田舎で働く弁護士が、考えたことや気になったことを書いています。

司法試験の勉強:刑法

「暗記じゃない、事実と評価と当てはめだ!」とよく言われますが、筆記試験なんてものはどんな試験でも多かれ少なかれ暗記が前提です。

特に刑法は、やたらと論点が多く、圧縮して書いていかないと書きたいことが書き切れません。定義や基本論証は暗記して吐き出すのが効率的だし、評価と当てはめに配点が割かれているなら、逆にその前提部分では暗記を吐き出すだけでも良いはずです。

以下、受験生時代に私が自分なりにまとめた定義・論証集です。当てはめで使いやすいように、自分なりにアレンジしたり、時には普段と違う立場も使えるようにするのがポイントですね。

総論

故意

故意とは、犯罪事実の認識・予見のことをいう。

未必の故意

未必の故意とは、行為者が、犯罪事実の発生を確定的なものとしては認識していないが、その発生がありうることを認識している心理状態をいう。

故意の本質は、結果発生を認識・予見しながら反対動機を形成しなかったことに対する責任非難にある。とすれば、確定的な認識がなくとも、結果に至る高度の蓋然性を認識していれば反対動機形成には十分であるから、かかる認識があれば未必の故意を認めてよい。

抽象的事実の錯誤

故意とは構成要件的結果の認識であるから、異なる構成要件間の錯誤は原則として故意を阻却する。

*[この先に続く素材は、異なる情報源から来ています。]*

Lemma sle_powr2N x y q : (q < 0)%R -> x <> 0s -> y <> 0s -> (x ^^ q ≼ y ^^ q <-> y ≼ x).
Proof.
move=> q0 x0 y0; rewrite -(sle_powr2 (q := - q) _ y0 x0); last lra.
by rewrite (sle_inv (powr_neq0 (q := - q) y0) (powr_neq0 (q := - q) x0)) -!powrN // Ropp_involutive.
Qed.

Lemma sle_bsum k (F : 'I_k -> S) i : F i ≼ bsum F.
Proof. by rewrite /sle /bsum (bigD1 i) //= sf_addA sf_addxx. Qed.

Lemma bsum_sle k (F : 'I_k -> S) a : (forall i, F i ≼ a) -> bsum F ≼ a.
Proof.
move=> Fa; rewrite /bsum; apply: (big_ind (fun x => x ≼ a)) => //; first exact: sle0x.
by move=> x y; apply: sle_add.
Qed.

Lemma bsum_sleE k (F : 'I_k -> S) a : bsum F ≼ a <-> forall i, F i ≼ a.
Proof. by split=> [Fa i | /bsum_sle//]; apply: sle_trans Fa; apply: sle_bsum. Qed.

Lemma bsum_neq0 k (F : 'I_k -> S) i : F i <> 0s -> bsum F <> 0s.
Proof. by move/sle_neq0; apply; apply: sle_bsum. Qed.

Lemma mulr_bsum k (F : 'I_k -> S) a : a ⊗ bsum F = bsum (fun i => a ⊗ F i).
Proof. by apply: (big_morph (sf_mul a)); [move=> x y; rewrite sf_mulDr | apply: sf_mulx0]. Qed.

Lemma mulr_bsum_sleE k (F : 'I_k -> S) a b : a ⊗ bsum F ≼ b <-> forall i, a ⊗ F i ≼ b.
Proof. by rewrite mulr_bsum bsum_sleE. Qed.

Lemma mull_bsum_sleE k (F : 'I_k -> S) a b : bsum F ⊗ a ≼ b <-> forall i, F i ⊗ a ≼ b.
Proof. by rewrite sf_mulC mulr_bsum_sleE; split=> Fab i; rewrite sf_mulC; apply: Fab. Qed.

Section KleeneStar.
Variables (n : nat) (B : 'I_n -> 'I_n -> S).

Definition mulmxv (A : 'I_n -> 'I_n -> S) (v : 'I_n -> S) (i : 'I_n) : S :=
  bsum (fun k => A i k ⊗ v k).

Lemma kstar_diag i : 1s ≼ kstar B i i.
Proof.
have n0 : (0 < n)%N by apply: leq_ltn_trans (ltn_ord i).
apply: sle_trans (sle_bsum _ (Ordinal n0)).
by rewrite /mxpow /= /mxid eqxx; apply: sle_refl.
Qed.

Lemma sle_mulmxv_kstar v i : v i ≼ mulmxv (kstar B) v i.
Proof.
apply: sle_trans (sle_bsum _ i); rewrite -{1}(sf_mul1x (v i)).
exact/sle_mul2r/kstar_diag.
Qed.

Section SubEigenvector.
Variable y : 'I_n -> S.
Hypothesis By_le_y : forall i j, B i j ⊗ y j ≼ y i.

Lemma mxpow_mul_le L i k : mxpow B L i k ⊗ y k ≼ y i.
Proof.
elim: L i => [|L IHL] i.
  rewrite /mxpow /= /mxid; case: eqP => [-> | _]; last by rewrite sf_mul0x; apply: sle0x.
  by rewrite sf_mul1x; apply: sle_refl.
apply/mull_bsum_sleE => j; rewrite -sf_mulA.
exact: sle_trans (sle_mul2l _ (IHL j)) (By_le_y i j).
Qed.

Lemma kstar_mul_le i k : kstar B i k ⊗ y k ≼ y i.
Proof. by apply/mull_bsum_sleE => L; apply: mxpow_mul_le. Qed.

Lemma mulmxv_kstar_id i : mulmxv (kstar B) y i = y i.
Proof.
apply: sle_anti; last exact: sle_mulmxv_kstar.
by apply/bsum_sleE => k; apply: kstar_mul_le.
Qed.

End SubEigenvector.

Fixpoint walk_weight (i : 'I_n) (s : seq 'I_n) : S :=
  if s is j :: s' then B i j ⊗ walk_weight j s' else 1s.

Lemma walk_weight_cat i s1 s2 :
  walk_weight i (s1 ++ s2) = walk_weight i s1 ⊗ walk_weight (last i s1) s2.
Proof. by elim: s1 i => [|j s1 IHs] i /=; rewrite ?sf_mul1x // IHs sf_mulA. Qed.

Lemma walk_weight_le_mxpow i s : walk_weight i s ≼ mxpow B (size s) i (last i s).
Proof.
elim: s i => [|j s IHs] i; first by rewrite /mxpow /= /mxid eqxx; apply: sle_refl.
by apply: sle_trans (sle_bsum _ j); apply/sle_mul2l/IHs.
Qed.

(* The factor [a0] carries the weight of the walk prefix through the induction. *)
Lemma mxpow_le_walks L a0 i k a :
  (forall s, size s = L -> last i s = k -> a0 ⊗ walk_weight i s ≼ a) ->
  a0 ⊗ mxpow B L i k ≼ a.
Proof.
elim: L a0 i => [|L IHL] a0 i walks_le.
  rewrite /mxpow /= /mxid; case: eqP => [ik | _]; last by rewrite sf_mulx0; apply: sle0x.
  exact: (walks_le [::]).
apply/mulr_bsum_sleE => j; rewrite sf_mulA; apply: IHL => s size_s last_s.
by rewrite -sf_mulA; apply: (walks_le (j :: s)); rewrite //= size_s.
Qed.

しかし、①保護法益や②行為態様の観点から構成要件に実質的な重なり合いがある場合には、その限度で、一方の構成要件的結果の認識により他方の構成要件的結果も認識していると評価できる。よって、その重なり合う限度で故意を認めてよいと解する。

因果関係

偶然的事情による結果発生まで帰責するのは妥当でないから、因果関係が認められるには、条件関係の存在を前提とした上で、客観的に見て行為の危険性が結果に実現されたといえなければならない。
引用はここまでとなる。